APS data is different than FRF data, in that we are looking for anything out of the ordinary, while also looking for what we expect to see. Accelerometer data is often converted to position, integrated two times. This creates a left-to-right downward slope to the data. The pass-fail criteria is now frequency-dependent and probably different band-to-band throughout the entire range.
Benefits
Although embedding sensors to enable real-time digital fingerprinting of subsystems comes at cost, that cost is quickly recovered in one single prevented failure or one instance of fast-tracking a root cause analysis. The value of having sensors reporting status automatically on set time intervals or at the touch of a button, saves time and resources and enhances team and machine productivity for factory or plant customers.

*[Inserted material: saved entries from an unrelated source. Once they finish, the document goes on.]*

(* Let $p\ge 3$ be a prime, let $r=\lfloor\sqrt{p}\rfloor$ and $s=\lfloor\frac{p-2}{r}\rfloor$, and let $t$ be any integer with $0\le t\le p-r$. Then the set $$\{(x,x):x\in\mathbb{F}_p\}\ \cup\ \big([t,t+r-1]\times\{0,r,2r,\ldots,sr,p-1\}\big)\subseteq\mathbb{F}_p^2$$ is a $1$-blocking set in $\mathbb{F}_p^2$, i.e., it meets every affine line of $\mathbb{F}_p^2$ in at least one point.
   Context: $\mathbb{F}_p$ is identified with $\{0,1,\ldots,p-1\}$ with the ordering inherited from $\mathbb{Z}$; for integers $m\le n$, $[m,n]$ denotes $\{m,m+1,\ldots,n\}$ (viewed as elements of $\mathbb{F}_p$). An affine line in $\mathbb{F}_p^2$ is a set $\{\mathbf{a}+\lambda\mathbf{v}:\lambda\in\mathbb{F}_p\}$ with $\mathbf{v}\neq\mathbf{0}$. *)

From mathcomp Require Import all_boot all_algebra.
Set Implicit Arguments. Unset Strict Implicit. Unset Printing Implicit Defensive.
Import GRing.Theory.
Local Open Scope ring_scope.

Definition on_line (p : nat) (a v : 'F_p * 'F_p) (z : 'F_p * 'F_p) : Prop :=
  exists lam : 'F_p, z = (a.1 + lam * v.1, a.2 + lam * v.2).

Definition blk_set (p r s t : nat) (z : 'F_p * 'F_p) : Prop :=
  z.1 = z.2 \/
  ((exists i : nat, (t <= i <= t + r - 1)%N /\ z.1 = i%:R) /\
   ((exists k : nat, (k <= s)%N /\ z.2 = (k * r)%:R) \/ z.2 = (p - 1)%:R)).

Definition blocking1 (p : nat) (B : 'F_p * 'F_p -> Prop) : Prop :=
  forall a v : 'F_p * 'F_p, v != (0, 0) ->
    exists z, on_line a v z /\ B z.
Arguments blk_set : clear implicits.
Arguments blocking1 : clear implicits.

From mathcomp Require Import all_boot all_algebra.
From mathcomp Require Import zify ring.
Import GRing.Theory.

(* A line whose direction is not parallel to (1, 1) meets the diagonal, so
   only the lines y = x + c remain.  These are met by the grid part: every
   residue c is a difference y - x with x in [t, t + r - 1] and y in
   {0, r, ..., s r, p - 1}, since the r consecutive values of x fill the gaps
   between consecutive multiples of r (and p - 1 covers the last residue).
   Only r >= 1 and (p - 2) < (s + 1) r are needed. *)

Definition grid_rows (p r s y : nat) : Prop :=
  (exists k, (k <= s)%N /\ y = (k * r)%N) \/ y = (p - 1)%N.

Lemma grid_differences_cover (p r s t n : nat) :
  (0 < r)%N -> (0 < p)%N -> (p - 2 < s.+1 * r)%N ->
  exists x y : nat, (t <= x <= t + r - 1)%N /\ grid_rows p r s y /\
    (x + n = y %[mod p])%N.
Proof.
move=> r_gt0 p_gt0 ltps.
set d := ((n + t + r) %% p)%N.
have ltdp : (d < p)%N by exact: ltn_pmod.
have [d0 | d_gt0] := posnP d.
  exists (t + r - 1)%N, (p - 1)%N; split; first lia.
  split; first by right.
  apply/eqP; rewrite -(eqn_modDr 1).
  have -> : (t + r - 1 + n + 1 = n + t + r)%N by lia.
  have -> : (p - 1 + 1 = p)%N by lia.
  by rewrite modnn -/d d0.
have [q [j [ltjr ed]]] : exists q j, (j < r)%N /\ d.-1 = (q * r + j)%N.
  by exists (d.-1 %/ r), (d.-1 %% r); split; [exact: ltn_pmod | exact: divn_eq].
exists (t + r - 1 - j)%N, (q * r)%N; split; first lia.
split.
  left; exists q; split=> //.
  by rewrite -ltnS -(ltn_pmul2r r_gt0); lia.
apply/eqP; rewrite -(eqn_modDr j.+1).
have -> : (q * r + j.+1 = d)%N by lia.
have -> : (t + r - 1 - j + n + j.+1 = n + t + r)%N by lia.
by rewrite modn_mod.
Qed.

Local Open Scope ring_scope.

Lemma natr_Fp_congr {p m n : nat} :
  prime p -> (m = n %[mod p])%N -> (m%:R : 'F_p) = n%:R.
Proof. by move=> pp emn; rewrite -(Fp_nat_mod pp m) emn Fp_nat_mod. Qed.

Lemma line_meets_diagonal {p : nat} (a v : 'F_p * 'F_p) :
  v.1 != v.2 -> exists z, on_line a v z /\ z.1 = z.2.
Proof.
move=> nv; set lam := (a.2 - a.1) / (v.1 - v.2).
exists (a.1 + lam * v.1, a.2 + lam * v.2); split; first by exists lam.
by rewrite /= /lam; field; rewrite subr_eq0.
Qed.

Lemma on_diagonal_direction_line {p : nat} (a : 'F_p * 'F_p) (w x : 'F_p) :
  w != 0 -> on_line a (w, w) (x, x + (a.2 - a.1)).
Proof.
by move=> w0; exists ((x - a.1) / w); congr pair => /=; field.
Qed.

Theorem lemma1 (p r t : nat) :
  prime p -> (3 <= p)%N ->
  (r * r <= p < r.+1 * r.+1)%N ->
  (t <= p - r)%N ->
  blocking1 p (blk_set p r ((p - 2) %/ r) t).
Proof.
move=> pp p3 /andP[_ ltpr] _ a [v1 v2] v0.
have r_gt0 : (0 < r)%N by case: r ltpr => //; lia.
have [ev | nv] := eqVneq v1 v2; last first.
  by have [z [za zd]] := line_meets_diagonal a (v1, v2) nv; exists z; split; [|left].
subst v2.
have v1_neq0 : v1 != 0 by apply: contraNneq v0 => ->.
have [x [y [xI [yR exy]]]] := grid_differences_cover _ _ _ t (val (a.2 - a.1))
  r_gt0 (prime_gt0 pp) (ltn_ceil (p - 2) r_gt0).
exists (x%:R, y%:R); split.
  by rewrite -(natr_Fp_congr pp exy) natrD natr_Zp; exact: on_diagonal_direction_line.
by right; split; [exists x | case: yR => [[k [ks ->]] | ->]; [left; exists k | right]].
Qed.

The ability to remotely access and diagnose machine health benefits the end user in the maintenance scheduling and uptime metrics, and it benefits the machine builder in the value and capability the band creates.
Having the foresight to embed diagnostic capabilities into complex machines involving moving parts that are subject to changes in temperature, wear and environment is an approach that elevates machine-building. Embedded sensors not only help in maintenance and fast-tracking root cause analysis, but they also provide the builder with real-life data of how bearings, motors, gears, belts and pneumatics perform over time.
Knowing the limits of motion components such as motors, bearings, gears, belts, rollers and tensioners, for example, enables the builder to make better choices in design and in accessing the required maintenance for the end user. If the machine builder has data supporting longer service intervals versus a competitor, its factory or plant end user’s uptime will be longer, thus enhancing the machine’s value as a whole.
Conclusion
Industry 4.0 has been discussed for many years, and, in some manufacturing spaces, it is being fully realized. In many others, however, the technology available has yet to be fully realized for many reasons.
With advent of easily accessible and enormously powerful servo-drive capability and algorithm solutions being available across many coding platforms, there is little to no headwind in embracing the introduction of a higher level of subsystem level diagnostics.
The frequency response function and the auto spectrum have been the workhorse tools for vibration analysis for the past 40 years, since the digital FFT was implemented, and should now be a part of every servo drive in the market. Strategic placement of the right sensors within the subsystem and intelligent firmware changes that synchronize data collection with machine activity will create enormous value in predicting maintenance and increasing machine productivity.
With the right specifications and data collection methods, the real-time diagnostic/health-monitoring capability is practically limitless.